Return all the entries below exactly as they were given.

(Stored data entries)
▬▬▬

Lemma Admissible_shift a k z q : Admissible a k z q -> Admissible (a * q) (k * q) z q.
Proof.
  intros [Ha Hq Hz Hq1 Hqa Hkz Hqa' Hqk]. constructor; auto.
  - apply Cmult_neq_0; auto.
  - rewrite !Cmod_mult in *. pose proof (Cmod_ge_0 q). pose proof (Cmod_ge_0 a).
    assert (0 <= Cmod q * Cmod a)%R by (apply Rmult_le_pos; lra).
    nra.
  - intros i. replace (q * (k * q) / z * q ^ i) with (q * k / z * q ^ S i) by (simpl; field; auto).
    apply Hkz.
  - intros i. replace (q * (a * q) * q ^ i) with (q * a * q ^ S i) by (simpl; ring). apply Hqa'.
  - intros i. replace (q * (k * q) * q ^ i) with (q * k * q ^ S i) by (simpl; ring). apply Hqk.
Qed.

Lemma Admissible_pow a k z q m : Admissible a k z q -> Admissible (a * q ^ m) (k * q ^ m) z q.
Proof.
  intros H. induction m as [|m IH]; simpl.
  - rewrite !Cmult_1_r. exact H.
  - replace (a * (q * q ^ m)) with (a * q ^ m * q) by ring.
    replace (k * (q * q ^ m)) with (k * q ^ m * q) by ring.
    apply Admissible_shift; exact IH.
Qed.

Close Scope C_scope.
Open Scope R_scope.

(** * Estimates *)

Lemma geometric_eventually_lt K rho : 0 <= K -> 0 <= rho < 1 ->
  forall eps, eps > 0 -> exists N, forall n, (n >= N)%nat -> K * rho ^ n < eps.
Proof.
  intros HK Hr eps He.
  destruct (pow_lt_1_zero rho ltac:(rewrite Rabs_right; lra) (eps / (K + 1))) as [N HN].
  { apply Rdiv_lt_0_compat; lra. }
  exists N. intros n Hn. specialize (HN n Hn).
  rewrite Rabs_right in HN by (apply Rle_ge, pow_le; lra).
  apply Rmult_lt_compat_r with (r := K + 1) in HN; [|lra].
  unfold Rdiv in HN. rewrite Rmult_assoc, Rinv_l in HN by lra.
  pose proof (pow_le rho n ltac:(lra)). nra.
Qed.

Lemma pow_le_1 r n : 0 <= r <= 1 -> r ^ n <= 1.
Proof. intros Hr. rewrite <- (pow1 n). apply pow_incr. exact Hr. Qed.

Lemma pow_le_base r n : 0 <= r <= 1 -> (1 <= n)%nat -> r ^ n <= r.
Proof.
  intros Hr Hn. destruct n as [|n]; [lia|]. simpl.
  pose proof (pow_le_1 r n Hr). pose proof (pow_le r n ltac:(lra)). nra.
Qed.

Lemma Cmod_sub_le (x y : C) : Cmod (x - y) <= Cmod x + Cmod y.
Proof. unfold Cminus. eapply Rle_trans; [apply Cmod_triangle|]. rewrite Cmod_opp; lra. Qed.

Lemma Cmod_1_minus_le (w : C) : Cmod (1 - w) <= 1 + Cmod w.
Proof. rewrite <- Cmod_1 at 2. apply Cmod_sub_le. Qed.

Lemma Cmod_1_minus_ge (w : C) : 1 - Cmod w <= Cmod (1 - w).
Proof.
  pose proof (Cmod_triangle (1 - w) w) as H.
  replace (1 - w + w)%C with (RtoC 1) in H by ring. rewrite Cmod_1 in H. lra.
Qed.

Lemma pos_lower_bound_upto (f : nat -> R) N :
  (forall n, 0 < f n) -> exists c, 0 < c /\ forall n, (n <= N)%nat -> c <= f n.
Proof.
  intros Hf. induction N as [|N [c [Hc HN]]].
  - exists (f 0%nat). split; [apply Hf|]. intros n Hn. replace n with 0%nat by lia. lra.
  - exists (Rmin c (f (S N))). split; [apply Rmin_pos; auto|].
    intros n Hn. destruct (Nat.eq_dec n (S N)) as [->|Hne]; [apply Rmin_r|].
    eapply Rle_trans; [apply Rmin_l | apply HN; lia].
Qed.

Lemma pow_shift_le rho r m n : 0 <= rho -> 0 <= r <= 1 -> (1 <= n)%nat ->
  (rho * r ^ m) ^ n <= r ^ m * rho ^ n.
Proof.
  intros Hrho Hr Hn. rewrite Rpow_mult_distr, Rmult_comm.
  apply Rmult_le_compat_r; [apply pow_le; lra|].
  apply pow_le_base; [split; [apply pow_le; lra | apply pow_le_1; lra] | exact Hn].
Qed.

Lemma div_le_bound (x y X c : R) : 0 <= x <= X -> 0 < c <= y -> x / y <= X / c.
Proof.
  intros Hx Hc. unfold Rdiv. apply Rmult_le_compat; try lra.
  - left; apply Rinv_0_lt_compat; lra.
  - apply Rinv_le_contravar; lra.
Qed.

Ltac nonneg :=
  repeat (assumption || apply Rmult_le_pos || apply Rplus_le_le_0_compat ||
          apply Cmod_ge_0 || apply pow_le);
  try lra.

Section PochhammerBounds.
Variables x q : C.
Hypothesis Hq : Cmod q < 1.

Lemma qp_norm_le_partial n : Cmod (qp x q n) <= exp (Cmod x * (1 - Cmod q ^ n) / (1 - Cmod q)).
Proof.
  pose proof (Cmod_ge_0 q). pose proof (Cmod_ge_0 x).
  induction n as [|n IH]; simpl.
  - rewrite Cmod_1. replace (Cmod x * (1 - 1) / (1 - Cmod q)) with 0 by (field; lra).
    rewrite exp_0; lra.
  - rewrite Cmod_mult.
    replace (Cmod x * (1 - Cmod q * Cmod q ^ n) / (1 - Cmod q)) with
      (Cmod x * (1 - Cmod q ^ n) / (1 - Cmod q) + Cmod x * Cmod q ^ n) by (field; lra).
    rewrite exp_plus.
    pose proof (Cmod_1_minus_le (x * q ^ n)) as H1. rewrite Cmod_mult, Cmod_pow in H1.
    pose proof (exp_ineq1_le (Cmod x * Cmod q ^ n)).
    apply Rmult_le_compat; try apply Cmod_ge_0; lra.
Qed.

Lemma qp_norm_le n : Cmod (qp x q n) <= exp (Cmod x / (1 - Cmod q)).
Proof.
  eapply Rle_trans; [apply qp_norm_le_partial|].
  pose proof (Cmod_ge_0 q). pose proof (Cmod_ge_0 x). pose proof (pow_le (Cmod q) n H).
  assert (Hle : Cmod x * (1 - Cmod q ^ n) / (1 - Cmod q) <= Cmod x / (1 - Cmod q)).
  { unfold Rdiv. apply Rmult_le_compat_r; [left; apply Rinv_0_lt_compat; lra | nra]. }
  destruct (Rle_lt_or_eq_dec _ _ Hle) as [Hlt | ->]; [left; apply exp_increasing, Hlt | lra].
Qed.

▬▬▬

| The answer |
Lemma Admissible_shift a k z q : Admissible a k z q -> Admissible (a * q) (k * q) z q.
Proof.
  intros [Ha Hq Hz Hq1 Hqa Hkz Hqa' Hqk]. constructor; auto.
  - apply Cmult_neq_0; auto.
  - rewrite !Cmod_mult in *. pose proof (Cmod_ge_0 q). pose proof (Cmod_ge_0 a).
    assert (0 <= Cmod q * Cmod a)%R by (apply Rmult_le_pos; lra).
    nra.
  - intros i. replace (q * (k * q) / z * q ^ i) with (q * k / z * q ^ S i) by (simpl; field; auto).
    apply Hkz.
  - intros i. replace (q * (a * q) * q ^ i) with (q * a * q ^ S i) by (simpl; ring). apply Hqa'.
  - intros i. replace (q * (k * q) * q ^ i) with (q * k * q ^ S i) by (simpl; ring). apply Hqk.
Qed.

Lemma Admissible_pow a k z q m : Admissible a k z q -> Admissible (a * q ^ m) (k * q ^ m) z q.
Proof.
  intros H. induction m as [|m IH]; simpl.
  - rewrite !Cmult_1_r. exact H.
  - replace (a * (q * q ^ m)) with (a * q ^ m * q) by ring.
    replace (k * (q * q ^ m)) with (k * q ^ m * q) by ring.
    apply Admissible_shift; exact IH.
Qed.

Close Scope C_scope.
Open Scope R_scope.

(** * Estimates *)

Lemma geometric_eventually_lt K rho : 0 <= K -> 0 <= rho < 1 ->
  forall eps, eps > 0 -> exists N, forall n, (n >= N)%nat -> K * rho ^ n < eps.
Proof.
  intros HK Hr eps He.
  destruct (pow_lt_1_zero rho ltac:(rewrite Rabs_right; lra) (eps / (K + 1))) as [N HN].
  { apply Rdiv_lt_0_compat; lra. }
  exists N. intros n Hn. specialize (HN n Hn).
  rewrite Rabs_right in HN by (apply Rle_ge, pow_le; lra).
  apply Rmult_lt_compat_r with (r := K + 1) in HN; [|lra].
  unfold Rdiv in HN. rewrite Rmult_assoc, Rinv_l in HN by lra.
  pose proof (pow_le rho n ltac:(lra)). nra.
Qed.

Lemma pow_le_1 r n : 0 <= r <= 1 -> r ^ n <= 1.
Proof. intros Hr. rewrite <- (pow1 n). apply pow_incr. exact Hr. Qed.

Lemma pow_le_base r n : 0 <= r <= 1 -> (1 <= n)%nat -> r ^ n <= r.
Proof.
  intros Hr Hn. destruct n as [|n]; [lia|]. simpl.
  pose proof (pow_le_1 r n Hr). pose proof (pow_le r n ltac:(lra)). nra.
Qed.

Lemma Cmod_sub_le (x y : C) : Cmod (x - y) <= Cmod x + Cmod y.
Proof. unfold Cminus. eapply Rle_trans; [apply Cmod_triangle|]. rewrite Cmod_opp; lra. Qed.

Lemma Cmod_1_minus_le (w : C) : Cmod (1 - w) <= 1 + Cmod w.
Proof. rewrite <- Cmod_1 at 2. apply Cmod_sub_le. Qed.

Lemma Cmod_1_minus_ge (w : C) : 1 - Cmod w <= Cmod (1 - w).
Proof.
  pose proof (Cmod_triangle (1 - w) w) as H.
  replace (1 - w + w)%C with (RtoC 1) in H by ring. rewrite Cmod_1 in H. lra.
Qed.

Lemma pos_lower_bound_upto (f : nat -> R) N :
  (forall n, 0 < f n) -> exists c, 0 < c /\ forall n, (n <= N)%nat -> c <= f n.
Proof.
  intros Hf. induction N as [|N [c [Hc HN]]].
  - exists (f 0%nat). split; [apply Hf|]. intros n Hn. replace n with 0%nat by lia. lra.
  - exists (Rmin c (f (S N))). split; [apply Rmin_pos; auto|].
    intros n Hn. destruct (Nat.eq_dec n (S N)) as [->|Hne]; [apply Rmin_r|].
    eapply Rle_trans; [apply Rmin_l | apply HN; lia].
Qed.

Lemma pow_shift_le rho r m n : 0 <= rho -> 0 <= r <= 1 -> (1 <= n)%nat ->
  (rho * r ^ m) ^ n <= r ^ m * rho ^ n.
Proof.
  intros Hrho Hr Hn. rewrite Rpow_mult_distr, Rmult_comm.
  apply Rmult_le_compat_r; [apply pow_le; lra|].
  apply pow_le_base; [split; [apply pow_le; lra | apply pow_le_1; lra] | exact Hn].
Qed.

Lemma div_le_bound (x y X c : R) : 0 <= x <= X -> 0 < c <= y -> x / y <= X / c.
Proof.
  intros Hx Hc. unfold Rdiv. apply Rmult_le_compat; try lra.
  - left; apply Rinv_0_lt_compat; lra.
  - apply Rinv_le_contravar; lra.
Qed.

Ltac nonneg :=
  repeat (assumption || apply Rmult_le_pos || apply Rplus_le_le_0_compat ||
          apply Cmod_ge_0 || apply pow_le);
  try lra.

Section PochhammerBounds.
Variables x q : C.
Hypothesis Hq : Cmod q < 1.

Lemma qp_norm_le_partial n : Cmod (qp x q n) <= exp (Cmod x * (1 - Cmod q ^ n) / (1 - Cmod q)).
Proof.
  pose proof (Cmod_ge_0 q). pose proof (Cmod_ge_0 x).
  induction n as [|n IH]; simpl.
  - rewrite Cmod_1. replace (Cmod x * (1 - 1) / (1 - Cmod q)) with 0 by (field; lra).
    rewrite exp_0; lra.
  - rewrite Cmod_mult.
    replace (Cmod x * (1 - Cmod q * Cmod q ^ n) / (1 - Cmod q)) with
      (Cmod x * (1 - Cmod q ^ n) / (1 - Cmod q) + Cmod x * Cmod q ^ n) by (field; lra).
    rewrite exp_plus.
    pose proof (Cmod_1_minus_le (x * q ^ n)) as H1. rewrite Cmod_mult, Cmod_pow in H1.
    pose proof (exp_ineq1_le (Cmod x * Cmod q ^ n)).
    apply Rmult_le_compat; try apply Cmod_ge_0; lra.
Qed.

Lemma qp_norm_le n : Cmod (qp x q n) <= exp (Cmod x / (1 - Cmod q)).
Proof.
  eapply Rle_trans; [apply qp_norm_le_partial|].
  pose proof (Cmod_ge_0 q). pose proof (Cmod_ge_0 x). pose proof (pow_le (Cmod q) n H).
  assert (Hle : Cmod x * (1 - Cmod q ^ n) / (1 - Cmod q) <= Cmod x / (1 - Cmod q)).
  { unfold Rdiv. apply Rmult_le_compat_r; [left; apply Rinv_0_lt_compat; lra | nra]. }
  destruct (Rle_lt_or_eq_dec _ _ Hle) as [Hlt | ->]; [left; apply exp_increasing, Hlt | lra].
Qed.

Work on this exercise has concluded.